# 7 types of staged Insurance frauds, All drivers should be familiar with how scammers staged



## Wildgoose (Feb 11, 2019)

These are already known staged accidents insurance frauds by many insurance companies. Left lane fraud was targeted to lady drivers at shopping mall entrance which happened long time ago and more than 4 lady driver victims were targeted by same scammers at same shopping mall entrance.

(1) Swoop and Squat Fraud
(2) Curb Drive Down
(3) Four Vehicles Fraud
(4) Left Lane Fraud
(5) Right Turn Fraud
(6) Left Turn Fraud
(7) Another Curb Drive Down Fraud

*What to Do if You are the Victim of a Staged Accident*

If you are a victim or witness of a staged accident or believe insurance fraud has been committed, first contact your insurance company directly.
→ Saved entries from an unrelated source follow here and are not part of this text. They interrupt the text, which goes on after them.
(* For every integer $d\ge2$, the state on $\mathbb{C}^d\otimes\mathbb{C}^d$ $$\Upsilon=\frac{d}{2d-1}P_+ +\frac{1}{2d-1}\sum_{i=1}^{d-1}|i\,0\rangle\langle i\,0|$$ is symmetrically extendible, where $P_+=|\Psi_+\rangle\langle\Psi_+|$, $|\Psi_+\rangle=\frac1{\sqrt d}\sum_{i=0}^{d-1}|ii\rangle$.
   Context: A state $\rho_{AB}$ on $\mathcal{H}_A\otimes\mathcal{H}_B$ is called symmetrically extendible if there is a state $\rho_{ABB'}$ on $\mathcal{H}_A\otimes\mathcal{H}_B\otimes\mathcal{H}_{B'}$, with $\mathcal{H}_{B'}\cong\mathcal{H}_B$, such that $\rho_{ABB'}$ is invariant under the swap of $B$ and $B'$ and $\mathrm{Tr}_{B'}\rho_{ABB'}=\rho_{AB}$. $|i\,0\rangle=|i\rangle_A|0\rangle_B$. *)

(* Complex scalars: any numeric algebraically closed field C
   (e.g. algC, or R[i] for a real closed field R); conjugation is ^*,
   and 0 <= z means z is real and nonnegative. *)
From mathcomp Require Import all_boot all_order all_algebra.
Set Implicit Arguments. Unset Strict Implicit. Unset Printing Implicit Defensive.
Import Order.TTheory GRing.Theory Num.Theory.
Local Open Scope ring_scope.

(* Operators on the finite-dimensional Hilbert space C^I (I a finite index
   set of an orthonormal basis), given by their matrix entries <x|rho|y>. *)
Definition op (C : numClosedFieldType) (I : finType) := I -> I -> C.

Definition hermitian_op (C : numClosedFieldType) (I : finType) (rho : op C I) :=
  forall x y, rho y x = (rho x y)^*.

Definition psd_op (C : numClosedFieldType) (I : finType) (rho : op C I) :=
  hermitian_op rho /\
  forall v : I -> C, 0 <= \sum_x \sum_y (v x)^* * rho x y * v y.

Definition trace_op (C : numClosedFieldType) (I : finType) (rho : op C I) :=
  \sum_x rho x x.

Definition is_state (C : numClosedFieldType) (I : finType) (rho : op C I) :=
  psd_op rho /\ trace_op rho = 1.

Definition ptrace_last (C : numClosedFieldType) (IA IB : finType)
  (rho : op C ((IA * IB)%type * IB)%type) : op C (IA * IB)%type :=
  fun x y => \sum_(b : IB) rho (x, b) (y, b).

Definition swapBB'_invariant (C : numClosedFieldType) (IA IB : finType)
  (rho : op C ((IA * IB)%type * IB)%type) :=
  forall a b b' a2 b2 b2',
    rho ((a, b'), b) ((a2, b2'), b2) = rho ((a, b), b') ((a2, b2), b2').

Definition symmetrically_extendible (C : numClosedFieldType) (IA IB : finType)
  (rhoAB : op C (IA * IB)%type) :=
  exists rho : op C ((IA * IB)%type * IB)%type,
    [/\ is_state rho, swapBB'_invariant rho & ptrace_last rho = rhoAB].

Definition ket2 (C : numClosedFieldType) (d i j : nat) : ('I_d * 'I_d)%type -> C :=
  fun x => ((nat_of_ord x.1 == i) && (nat_of_ord x.2 == j))%:R.

Definition outer (C : numClosedFieldType) (I : finType) (u v : I -> C) : op C I :=
  fun x y => u x * (v y)^*.

Definition Psi_plus (C : numClosedFieldType) (d : nat) : ('I_d * 'I_d)%type -> C :=
  fun x => (sqrtC (d%:R : C))^-1 * \sum_(0 <= i < d) @ket2 C d i i x.

Definition P_plus (C : numClosedFieldType) (d : nat) : op C ('I_d * 'I_d)%type :=
  outer (@Psi_plus C d) (@Psi_plus C d).

Definition Upsilon (C : numClosedFieldType) (d : nat) : op C ('I_d * 'I_d)%type :=
  fun x y => (d%:R / (2 * d - 1)%:R) * @P_plus C d x y
           + (2 * d - 1)%:R^-1 *
               \sum_(1 <= i < d) outer (@ket2 C d i 0) (@ket2 C d i 0) x y.

From mathcomp Require Import all_boot all_order all_algebra.
From mathcomp Require Import ring zify.
From Stdlib Require Import FunctionalExtensionality.
Import GRing.Theory Num.Theory.
Set Implicit Arguments. Unset Strict Implicit. Unset Printing Implicit Defensive.
Local Open Scope ring_scope.

(* The extension is the pure state of
     |Phi> = sum_i |i i 0> + sum_(i >= 1) |i 0 i>,
   normalized by its squared norm 2d - 1.  The vector |Phi> is symmetric under
   exchanging the last two factors, and tracing out the last factor gives
   sum_(i,j) |ii><jj| + sum_(i >= 1) |i0><i0|, which is (2d - 1) Upsilon. *)

Section KroneckerSums.
Variable C : numClosedFieldType.

Lemma sumr_seq_delta (T : eqType) (s : seq T) (k : T) (F : T -> C) :
  \sum_(i <- s) (i == k)%:R * F i = (count_mem k s)%:R * F k.
Proof.
elim: s => [|i s IHs]; first by rewrite big_nil mul0r.
rewrite big_cons IHs /= natrD mulrDl.
by case: eqP => [->|_]; rewrite ?mul1r ?mul0r ?add0r.
Qed.

Lemma sumr_delta (T : finType) (k : T) (F : T -> C) :
  \sum_i (i == k)%:R * F i = F k.
Proof. by rewrite sumr_seq_delta count_uniq_mem ?index_enum_uniq ?mem_index_enum ?mul1r. Qed.

Lemma sumr_nat_delta (m n k : nat) (F : nat -> C) :
  \sum_(m <= i < n) (i == k)%:R * F i = (m <= k < n)%N%:R * F k.
Proof. by rewrite sumr_seq_delta count_uniq_mem ?iota_uniq // mem_index_iota. Qed.

End KroneckerSums.

Lemma andb_eq_common (T : eqType) (a b i : T) :
  (a == i) && (b == i) = (i == a) && (b == a).
Proof. by rewrite eq_sym; case: eqP => // ->. Qed.

Section RankOneOperators.
Variables (C : numClosedFieldType) (I : finType).

Lemma psd_outer_self (v : I -> C) : psd_op (outer v v).
Proof.
split=> [x y|u].
  by rewrite /outer rmorphM /= conjCK mulrC.
have -> : \sum_x \sum_y (u x)^* * outer v v x y * u y
          = (\sum_x (u x)^* * v x) * (\sum_x (u x)^* * v x)^*.
  rewrite mulr_suml; apply: eq_bigr => x _.
  rewrite rmorph_sum mulr_sumr; apply: eq_bigr => y _.
  by rewrite /outer rmorphM /= conjCK; ring.
exact: mul_conjC_ge0.
Qed.

Lemma psd_scale (c : C) (rho : op C I) :
  0 <= c -> psd_op rho -> psd_op (fun x y => c * rho x y).
Proof.
move=> c_ge0 [rho_herm rho_psd]; split=> [x y|v].
  by rewrite rmorphM /= -rho_herm conj_Creal ?ger0_real.
have -> : \sum_x \sum_y (v x)^* * (c * rho x y) * v y
          = c * \sum_x \sum_y (v x)^* * rho x y * v y.
  rewrite mulr_sumr; apply: eq_bigr => x _.
  by rewrite mulr_sumr; apply: eq_bigr => y _; ring.
exact: mulr_ge0.
Qed.

End RankOneOperators.

Lemma trace_ptrace_last (C : numClosedFieldType) (IA IB : finType)
    (rho : op C ((IA * IB)%type * IB)%type) :
  trace_op (ptrace_last rho) = trace_op rho.
Proof. by rewrite /trace_op /ptrace_last pair_bigA; apply: eq_bigr => -[]. Qed.

Section Upsilon.
Variables (C : numClosedFieldType) (n : nat).

Definition Upsilon_unnorm : op C ('I_n.+1 * 'I_n.+1)%type := fun x y =>
  (x.1 == x.2)%:R * (y.1 == y.2)%:R +
  ((x.1 == y.1) && (x.1 != ord0) && (x.2 == ord0) && (y.2 == ord0))%:R.

Lemma sum_ket2_diag (x : 'I_n.+1 * 'I_n.+1) :
  \sum_(0 <= i < n.+1) @ket2 C n.+1 i i x = (x.1 == x.2)%:R.
Proof.
under eq_bigr => i _ do rewrite /ket2 andb_eq_common -mulnb natrM.
by rewrite sumr_nat_delta ltn_ord mul1r eq_sym.
Qed.

Lemma sum_outer_ket2_off_diag (x y : 'I_n.+1 * 'I_n.+1) :
  \sum_(1 <= i < n.+1) outer (@ket2 C n.+1 i 0) (@ket2 C n.+1 i 0) x y =
  ((x.1 == y.1) && (x.1 != ord0) && (x.2 == ord0) && (y.2 == ord0))%:R.
Proof.
under eq_bigr => i _ do rewrite /outer /ket2 conjC_nat -natrM mulnb
  andbACA andb_eq_common -andbA -[in X in X%:R]mulnb natrM.
rewrite sumr_nat_delta ltn_ord andbT lt0n -natrM mulnb.
by rewrite [nat_of_ord y.1 == _]eq_sym andbCA !andbA.
Qed.

Lemma UpsilonE (x y : 'I_n.+1 * 'I_n.+1) :
  @Upsilon C n.+1 x y = (2 * n.+1 - 1)%:R^-1 * Upsilon_unnorm x y.
Proof.
rewrite /Upsilon /P_plus /outer /Psi_plus !sum_ket2_diag sum_outer_ket2_off_diag.
rewrite (@conj_Creal _ ((sqrtC n.+1%:R)^-1 * _)); last first.
  by rewrite ger0_real // mulr_ge0 // ?invr_ge0 ?sqrtC_ge0 ler0n.
have d_sqrt_inv2 : n.+1%:R * ((sqrtC n.+1%:R)^-1 * (sqrtC n.+1%:R)^-1) = 1 :> C.
  by rewrite -invfM -expr2 sqrtCK mulfV // pnatr_eq0.
rewrite /Upsilon_unnorm mulrDr; congr (_ + _).
by rewrite [X in _ * X = _]mulrACA [LHS]mulrACA d_sqrt_inv2 mul1r.
Qed.

Lemma trace_Upsilon_unnorm : trace_op Upsilon_unnorm = (2 * n.+1 - 1)%:R.
Proof.
have diag_split a b : Upsilon_unnorm (a, b) (a, b) =
    (b == a)%:R * 1 + (b == ord0)%:R * (a != ord0)%:R.
  rewrite /Upsilon_unnorm /= -natrM mulnb andbb eqxx andTb -andbA andbb.
  by rewrite eq_sym mulr1 -natrM mulnb andbC.
transitivity (\sum_a \sum_b Upsilon_unnorm (a, b) (a, b)).
  by rewrite pair_bigA; apply: eq_bigr => -[].
under eq_bigr => a _ do rewrite (eq_bigr _ (fun b _ => diag_split a b)) big_split /= !sumr_delta.
rewrite big_split /= sumr_const card_ord big_ord_recl eqxx add0r.
under eq_bigr => i _ do rewrite eq_sym neq_lift.
by rewrite sumr_const card_ord -natrD; congr _%:R; lia.
Qed.

Lemma trace_Upsilon : trace_op (@Upsilon C n.+1) = 1.
Proof.
have -> : trace_op (@Upsilon C n.+1) = (2 * n.+1 - 1)%:R^-1 * trace_op Upsilon_unnorm.
  by rewrite /trace_op mulr_sumr; apply: eq_bigr => x _; rewrite UpsilonE.
by rewrite trace_Upsilon_unnorm mulVf // pnatr_eq0; lia.
Qed.

End Upsilon.

Section Extension.
Variables (C : numClosedFieldType) (n : nat).

Definition Phi : ('I_n.+1 * 'I_n.+1) * 'I_n.+1 -> C := fun x =>
  let: (a, b, c) := x in
  ((a == b) && (c == ord0))%:R + ((a == c) && (a != ord0) && (b == ord0))%:R.

Lemma Phi_swap (a b c : 'I_n.+1) : Phi (a, b, c) = Phi (a, c, b).
Proof.
rewrite /=; case: (eqVneq a ord0) => [->|_]; rewrite ?andbF ?andbT ?addr0.
  by rewrite !(eq_sym ord0) andbC.
by rewrite addrC.
Qed.

Lemma PhiE (a b c : 'I_n.+1) :
  Phi (a, b, c) = (c == ord0)%:R * (a == b)%:R
                    + (c == a)%:R * ((a != ord0) && (b == ord0))%:R.
Proof. by rewrite /= -!natrM !mulnb andbC [c == a]eq_sym andbA. Qed.

Lemma ptrace_outer_Phi (x y : 'I_n.+1 * 'I_n.+1) :
  \sum_c Phi (x, c) * (Phi (y, c))^* = Upsilon_unnorm C x y.
Proof.
case: x y => [a b] [a2 b2].
under eq_bigr => c _ do rewrite !PhiE rmorphD /= !rmorphM /= !conjC_nat
  mulrDl !mulrDr -!mulrA.
rewrite !big_split /= !sumr_delta /Upsilon_unnorm /= -!natrM !mulnb mul1n mulnb.
case: (eqVneq a2 ord0) => [->|_]; case: (eqVneq a ord0) => [->|_] /=;
  by rewrite ?andbF ?addr0 ?andbT ?mulr0n ?add0r ?andbA ?(andbC (b == ord0)).
Qed.

End Extension.

Theorem mainTheorem4 (C : numClosedFieldType) (d : nat) (hd : (2 <= d)%N) :
  symmetrically_extendible (@Upsilon C d).
Proof.
case: d hd => [//|n] _.
pose rho x y := (2 * n.+1 - 1)%:R^-1 * outer (@Phi C n) (@Phi C n) x y.
have rho_ptrace : ptrace_last rho = @Upsilon C n.+1.
  apply: functional_extensionality => x; apply: functional_extensionality => y.
  by rewrite /ptrace_last -mulr_sumr ptrace_outer_Phi UpsilonE.
exists rho; split=> //.
- split; first by apply/psd_scale/psd_outer_self; rewrite invr_ge0 ler0n.
  by rewrite -trace_ptrace_last rho_ptrace trace_Upsilon.
- by move=> a b b' a2 b2 b2'; rewrite /rho /outer (Phi_swap _ a) (Phi_swap _ a2).
Qed.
Then, if you are so inclined, call the NICB at 1.800.TEL.NICB or text the word "FRAUD" to TIP411 (847411). You can also report it online at the NICB's website.
Also, call the police if you suspect that you were in a staged accident.

*How to Recognize a Staged Accident*
Unfortunately, you might only recognize red flags of insurance fraud after the fact. Nevertheless, be sure to notify your insurance company right away if you see any of these signs of a staged accident/insurance fraud:

a random "Good Samaritan" appears on the scene and offer to help by referring you to a good doctor/chiropractor, lawyer, or repair shop
the other party's doctor, or a doctor referred to you by someone else, insists that you file a personal injury claim even though you weren't hurt
tow trucks arrive on the scene even though no one called them. Read more about tow truck scams here.
Also remember that these people often pack their cars with passengers. The more people who can report injuries, the better.


----------